## Instructions for the task
Report back every line of the entries that contains "fine", exactly as written.

## Records for this task
┌──

Lemma nth_subst_base k (N : tm) (l : list tp) j : j < length l ->
  nth j (subst_base gs k N l) TNat = subst_ty (k + j) N (nth j l TNat).
Proof.
  revert k j; induction l; intros k [|j] Hj; simpl in *; try lia.
  - rewrite Nat.add_0_r; auto.
  - rewrite IHl, Nat.add_succ_r by lia. reflexivity.
Qed.

Lemma subst_piN (N : tm) taus k (γ : tp) : scoped_tm 0 N ->
  subst_ty k N (piN taus γ) =
  piN (subst_base gs k N taus) (subst_ty (k + length taus) N γ).
Proof.
  intros HN; revert k; induction taus; intros k; simpl. rewrite Nat.add_0_r; auto.
  rewrite (lift_tm_closed N 1 0 HN), IHtaus, Nat.add_succ_r. reflexivity.
Qed.

Lemma osubst_ty_cons L (N : tm) Ns (t : tp) :
  osubst_ty gs (S L) (N :: Ns) t = osubst_ty gs L Ns (subst_ty L N t).
Proof. simpl. rewrite Nat.sub_0_r. reflexivity. Qed.

Lemma osubst_tm_cons L (N : tm) Ns (t : tm) :
  osubst_tm gs (S L) (N :: Ns) t = osubst_tm gs L Ns (subst_tm L N t).
Proof. simpl. rewrite Nat.sub_0_r. reflexivity. Qed.

Lemma osubst_ty_app Ns Qs K (t : tp) :
  osubst_ty gs (length Ns + K) (Ns ++ Qs) t =
  osubst_ty gs K Qs (osubst_ty gs (length Ns + K) Ns t).
Proof.
  revert t; induction Ns; intros t; simpl length; [reflexivity|].
  rewrite <- app_comm_cons, Nat.add_succ_l, !osubst_ty_cons. apply IHNs.
Qed.

Lemma osubst_TNat L (Ns : list tm) : osubst_ty gs L Ns TNat = TNat.
Proof. revert L; induction Ns; intros; simpl; auto. Qed.

Lemma osubst_TIdx L (Ns : list tm) : osubst_ty gs L Ns TIdx = TIdx.
Proof. revert L; induction Ns; intros; simpl; auto. Qed.

Lemma osubst_TCirc L (Ns : list tm) E :
  osubst_ty gs L Ns (TCirc E) = TCirc (osubst_tm gs L Ns E).
Proof. revert L E; induction Ns; intros; simpl; auto. Qed.

(* [osubst_base L Ns l] instantiates the outer variables in a telescope [l]
   whose first entry lives in a context of length [L]. *)
Fixpoint osubst_base (L : nat) (Ns : list tm) (l : list tp) : list tp :=
  match Ns with
  | [] => l
  | N :: Ns' => osubst_base (L - 1) Ns' (subst_base gs (L - 1) N l)
  end.

Lemma osubst_base_cons L (N : tm) Ns (l : list tp) :
  osubst_base (S L) (N :: Ns) l = osubst_base L Ns (subst_base gs L N l).
Proof. simpl. rewrite Nat.sub_0_r. reflexivity. Qed.

Lemma length_osubst_base L Ns (l : list tp) : length (osubst_base L Ns l) = length l.
Proof.
  revert L l; induction Ns; intros L l; simpl; auto.
  rewrite IHNs. apply length_subst_base.
Qed.

Lemma nth_osubst_base Ns (l : list tp) i : i < length l ->
  nth i (osubst_base (length Ns) Ns l) TNat = osubst_ty gs (length Ns + i) Ns (nth i l TNat).
Proof.
  revert l; induction Ns; intros l Hi; simpl length; [reflexivity|].
  rewrite osubst_base_cons, IHNs, nth_subst_base, <- osubst_ty_cons by
    (rewrite ?length_subst_base; auto).
  reflexivity.
Qed.

Lemma osubst_piN (Ns : list tm) taus (γ : tp) : (forall N, In N Ns -> scoped_tm 0 N) ->
  osubst_ty gs (length Ns) Ns (piN taus γ) =
  piN (osubst_base (length Ns) Ns taus) (osubst_ty gs (length Ns + length taus) Ns γ).
Proof.
  revert taus γ; induction Ns as [|N Ns IH]; intros taus γ HNs; simpl length; [reflexivity|].
  rewrite osubst_ty_cons, osubst_base_cons, subst_piN, IH, length_subst_base
    by (intros; apply HNs; simpl; auto).
  rewrite Nat.add_succ_l, osubst_ty_cons. reflexivity.
Qed.

Lemma tsize_subst k (N : tm) (s : tp) : tsize gs (subst_ty k N s) = tsize gs s.
Proof. revert k N; induction s; intros; simpl; auto. Qed.

Lemma compF_fuel k k' (M : tm) s : tsize gs s <= k -> tsize gs s <= k' ->
  (compF gs k M s <-> compF gs k' M s).
Proof.
  revert k' M s; induction k; intros k' M s H1 H2; destruct s; simpl in H1; try lia;
  destruct k'; simpl in H2; try lia; simpl; try tauto.
  - rewrite (IHk k'); simpl; try tauto; lia.
  - split; intros [Ht H]; split; auto; intros N HN;
      (apply (IHk k'); [rewrite tsize_subst; lia | rewrite tsize_subst; lia |]);
      apply H; apply (IHk k'); auto; lia.
Qed.

Lemma Comp0_pi (M : tm) a b : Comp0 gs M (TPi a b) <->
  typ gs [] M (TPi a b) /\ forall N, Comp0 gs N a -> Comp0 gs (App M N) (subst_ty 0 N b).
Proof.
  unfold Comp0; simpl.
  assert (Ha : forall N, compF gs (tsize gs a + tsize gs b) N a <-> compF gs (tsize gs a) N a)
    by (intros; apply compF_fuel; lia).
  assert (Hb : forall N P, compF gs (tsize gs a + tsize gs b) P (subst_ty 0 N b) <->
                         compF gs (tsize gs (subst_ty 0 N b)) P (subst_ty 0 N b))
    by (intros; apply compF_fuel; rewrite tsize_subst; lia).
  split; intros [Ht H]; split; auto; intros N HN; apply Hb, H, Ha, HN.
Qed.

Lemma Comp0_TNat (M : tm) : Comp0 gs M TNat <-> typ gs [] M TNat.
Proof. unfold Comp0; simpl; tauto. Qed.

Lemma Comp0_typ {M : tm} {s} : Comp0 gs M s -> typ gs [] M s.
Proof. unfold Comp0. destruct s; simpl; tauto. Qed.

Lemma Comp0_closed {M : tm} {s} : Comp0 gs M s -> scoped_tm 0 M.
Proof. intros H. exact (proj1 (typ_scoped (Comp0_typ H))). Qed.

Lemma adm_N_cons a B N Ns : adm_N gs (a :: B) (N :: Ns) <->
  Comp0 gs N a /\ adm_N gs (subst_base gs 0 N B) Ns.
Proof.
  unfold adm_N. cbn [length]. rewrite length_subst_base. split.
  - intros [Hl H]. split; [apply (H 0); lia|]. split; [lia|]. intros j Hj.
    specialize (H (S j) ltac:(lia)). cbn [nth firstn] in H.
    rewrite osubst_ty_cons in H. rewrite nth_subst_base by lia. exact H.
  - intros [H0 [Hl H]]. split; [lia|]. intros [|j] Hj; [exact H0|].
    cbn [nth firstn]. rewrite osubst_ty_cons. specialize (H j ltac:(lia)).
    rewrite nth_subst_base in H by lia. exact H.
Qed.

Lemma forall_adm_N_nil (Q : list tm -> Prop) :
  (forall Ns, adm_N gs [] Ns -> Q Ns) <-> Q [].
Proof.
  split.
  - intros H. apply H. split; simpl; auto; intros; lia.
  - intros H [|N Ns] [Hl _]; simpl in Hl; [exact H | discriminate].
Qed.

Lemma forall_adm_N_cons (Q : list tm -> Prop) a B :
  (forall Ns, adm_N gs (a :: B) Ns -> Q Ns) <->
  (forall N, Comp0 gs N a -> forall Ns, adm_N gs (subst_base gs 0 N B) Ns -> Q (N :: Ns)).
Proof.
  split.
  - intros H N HN Ns HNs. apply H, adm_N_cons; auto.
  - intros H [|N Ns] HNs; [destruct HNs as [Hl _]; discriminate|].
    apply adm_N_cons in HNs as [HN HNs]. auto.
Qed.

Lemma adm_N_closed {B Ns} : adm_N gs B Ns -> forall N, In N Ns -> scoped_tm 0 N.
Proof.
  intros [Hl HN] N HIn. destruct (In_nth _ _ (Num 0) HIn) as (j & Hj & <-).
  eapply Comp0_closed, HN. lia.
Qed.

Lemma telescope_ind (P : list tp -> Prop) :
  P [] -> (forall a B, (forall N : tm, P (subst_base gs 0 N B)) -> P (a :: B)) ->
  forall B, P B.
Proof.
  intros Hnil Hcons B. remember (length B) as n eqn:Hn. revert B Hn.
  induction n; intros [|a B] Hn; simpl in Hn; try discriminate; auto.
  apply Hcons. intros N. apply IHn. rewrite length_subst_base. congruence.
Qed.

Lemma Comp0_piN_iff {taus} {γ : tp} {M : tm} : typ gs [] M (piN taus γ) ->
  (Comp0 gs M (piN taus γ) <->
   forall Ps, adm_N gs taus Ps -> Comp0 gs (apps M Ps) (osubst_ty gs (length taus) Ps γ)).
Proof.
  revert γ M; induction taus as [|a taus IH] using telescope_ind; intros γ M Ht.
  - rewrite forall_adm_N_nil. reflexivity.
  - cbn [piN length] in *. rewrite Comp0_pi, forall_adm_N_cons.
    setoid_rewrite osubst_ty_cons. apply and_forall_iff; [exact Ht|]. intros P HP.
    assert (HPt := t_app Ht (Comp0_typ HP)).
    rewrite subst_piN in HPt |- * by exact (Comp0_closed HP).
    rewrite (IH P _ _ HPt), length_subst_base. reflexivity.
Qed.
(* Let $P,C$ be causal stable systems on $\mathcal{L}_{2e+}^n$ such that $P\#C$ is well-posed and the single-loop feedback system $P\#C|_{e_2=0}$ is stable, and assume $\theta(P)+\theta(C)\le\pi$. Let $G:e_1\mapsto y_1$ be the closed-loop map of $P\#C|_{e_2=0}$. Then $$\theta(G)\le\max\{\theta(P),\theta(C)\}.$$
   Context: For $n\ge1$, $\mathcal{L}_2^n$ is the set of measurable $u:\mathbb{R}\to\mathbb{R}^n$ with $\|u\|_2^2=\int|u(t)|^2dt<\infty$, inner product $\langle u,v\rangle=\int u(t)^Tv(t)\,dt$; $\mathcal{L}_{2+}=\{u\in\mathcal{L}_2:u(t)=0\ \text{for}\ t<0\}$. For $T\ge0$, $(\Gamma_Tu)(t)=u(t)$ for $t\le T$, $0$ for $t>T$; $\mathcal{L}_{2e+}=\{u:\Gamma_Tu\in\mathcal{L}_{2+}\ \forall T\ge0\}$. A system is an operator $P:\mathcal{L}_{2e+}\to\mathcal{L}_{2e+}$ with $P0=0$, $P\ne0$; causal if $\Gamma_TP=\Gamma_TP\Gamma_T$ for all $T\ge 0$; a causal system is stable if $Pu\in\mathcal{L}_{2+}$ for all $u\in\mathcal{L}_{2+}$ and $\sup_{0\ne u\in\mathcal{L}_{2+}}\|Pu\|_2/\|u\|_2<\infty$. The singular angle $\theta(P)\in[0,\pi]$ is given by $\cos\theta(P)=\inf\{\langle u,Pu\rangle/(\|u\|_2\|Pu\|_2):0\neq u\in\mathcal{L}_{2+},\ Pu\ne0\}$. The feedback system $P\#C$: $u_1=e_1-y_2$, $u_2=e_2+y_1$, $y_1=Pu_1$, $y_2=Cu_2$; well-posed if $(u_1,u_2)\mapsto(u_1+Cu_2,\ u_2-Pu_1)$ has a causal inverse on $\mathcal{L}_{2e+}\times\mathcal{L}_{2e+}$. $P\#C|_{e_2=0}$ is the loop with $e_2=0$; it is stable if there is $c>0$ with $\|\Gamma_T(u_1,u_2)\|_2\le c\|\Gamma_Te\|_2$ for all $T\ge0$ and all $e=(e_1,0)$, $e_1\in\mathcal{L}_{2e+}$. *)

From HB Require Import structures.
From mathcomp Require Import all_boot all_order all_algebra.
From mathcomp Require Import all_classical all_reals all_analysis.
Set Implicit Arguments. Unset Strict Implicit. Unset Printing Implicit Defensive.
Import Order.TTheory GRing.Theory Num.Theory.
Import numFieldNormedType.Exports.
Local Open Scope classical_set_scope.
Local Open Scope ring_scope.

Section Signals.
Variables (R : realType) (n : nat).

Definition signal := R -> 'rV[R]_n.
Definition sig0 : signal := fun _ => 0.

Definition sqn (x : 'rV[R]_n) : R := \sum_(i < n) (x 0 i) ^+ 2.
Definition dotv (x y : 'rV[R]_n) : R := \sum_(i < n) x 0 i * y 0 i.

(* equality of signals almost everywhere (L2 elements are classes) *)
Definition eqae (u v : signal) : Prop :=
  (@lebesgue_measure R).-negligible [set t | u t <> v t].

Definition L2 (u : signal) : Prop :=
  (forall i : 'I_n, measurable_fun setT (fun t => u t 0 i)) /\
  (\int[@lebesgue_measure R]_(t in setT) (sqn (u t))%:E < +oo)%E.

Definition L2plus (u : signal) : Prop :=
  L2 u /\ (@lebesgue_measure R).-negligible [set t | t < 0 /\ u t <> 0].

Definition norm2 (u : signal) : R :=
  Num.sqrt (fine (\int[@lebesgue_measure R]_(t in setT) (sqn (u t))%:E)).

Definition ip (u v : signal) : R :=
  fine (\int[@lebesgue_measure R]_(t in setT) (dotv (u t) (v t))%:E).

Definition trunc (T : R) (u : signal) : signal :=
  fun t => if t <= T then u t else 0.

Definition L2e (u : signal) : Prop := forall T, 0 <= T -> L2plus (trunc T u).

Definition is_system (P : signal -> signal) : Prop :=
  (forall u, L2e u -> L2e (P u)) /\
  (forall u v, L2e u -> L2e v -> eqae u v -> eqae (P u) (P v)) /\
  eqae (P sig0) sig0 /\
  ~ (forall u, L2e u -> eqae (P u) sig0).

Definition causal (P : signal -> signal) : Prop :=
  is_system P /\
  forall T u, 0 <= T -> L2e u ->
    eqae (trunc T (P u)) (trunc T (P (trunc T u))).

Definition stable (P : signal -> signal) : Prop :=
  causal P /\
  (forall u, L2plus u -> L2plus (P u)) /\
  exists c : R, forall u, L2plus u -> ~ eqae u sig0 ->
    norm2 (P u) / norm2 u <= c.

Definition angle_set (P : signal -> signal) : set R :=
  [set r | exists u, L2plus u /\ ~ eqae u sig0 /\ ~ eqae (P u) sig0 /\
           r = ip u (P u) / (norm2 u * norm2 (P u))].

Definition sangle (P : signal -> signal) : R := acos (inf (angle_set P)).

Definition psig := (signal * signal)%type.
Definition eqae2 (x y : psig) : Prop := eqae x.1 y.1 /\ eqae x.2 y.2.
Definition L2e2 (x : psig) : Prop := L2e x.1 /\ L2e x.2.
Definition trunc2 (T : R) (x : psig) : psig := (trunc T x.1, trunc T x.2).
Definition norm2p (x : psig) : R := Num.sqrt (norm2 x.1 ^+ 2 + norm2 x.2 ^+ 2).

Definition fb_map (P C : signal -> signal) (x : psig) : psig :=
  (x.1 \+ C x.2, x.2 \- P x.1).

Definition causal_inverse (F Phi : psig -> psig) : Prop :=
  (forall x, L2e2 x -> L2e2 (Phi x)) /\
  (forall x y, L2e2 x -> L2e2 y -> eqae2 x y -> eqae2 (Phi x) (Phi y)) /\
  (forall x, L2e2 x -> eqae2 (F (Phi x)) x) /\
  (forall x, L2e2 x -> eqae2 (Phi (F x)) x) /\
  (forall T x, 0 <= T -> L2e2 x ->
     eqae2 (trunc2 T (Phi x)) (trunc2 T (Phi (trunc2 T x)))).

Definition well_posed_with (P C : signal -> signal) (Phi : psig -> psig) : Prop :=
  causal_inverse (fb_map P C) Phi.

Definition loop_e2_0_stable (Phi : psig -> psig) : Prop :=
  exists c : R, 0 < c /\ forall T e1, 0 <= T -> L2e e1 ->
    norm2p (trunc2 T (Phi (e1, sig0))) <= c * norm2p (trunc2 T (e1, sig0)).

Definition closed_loop_G (P : signal -> signal) (Phi : psig -> psig) :
  signal -> signal := fun e1 => P (Phi (e1, sig0)).1.

End Signals.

└──

## Answer to the exercise
  Num.sqrt (fine (\int[@lebesgue_measure R]_(t in setT) (sqn (u t))%:E)).
  fine (\int[@lebesgue_measure R]_(t in setT) (dotv (u t) (v t))%:E).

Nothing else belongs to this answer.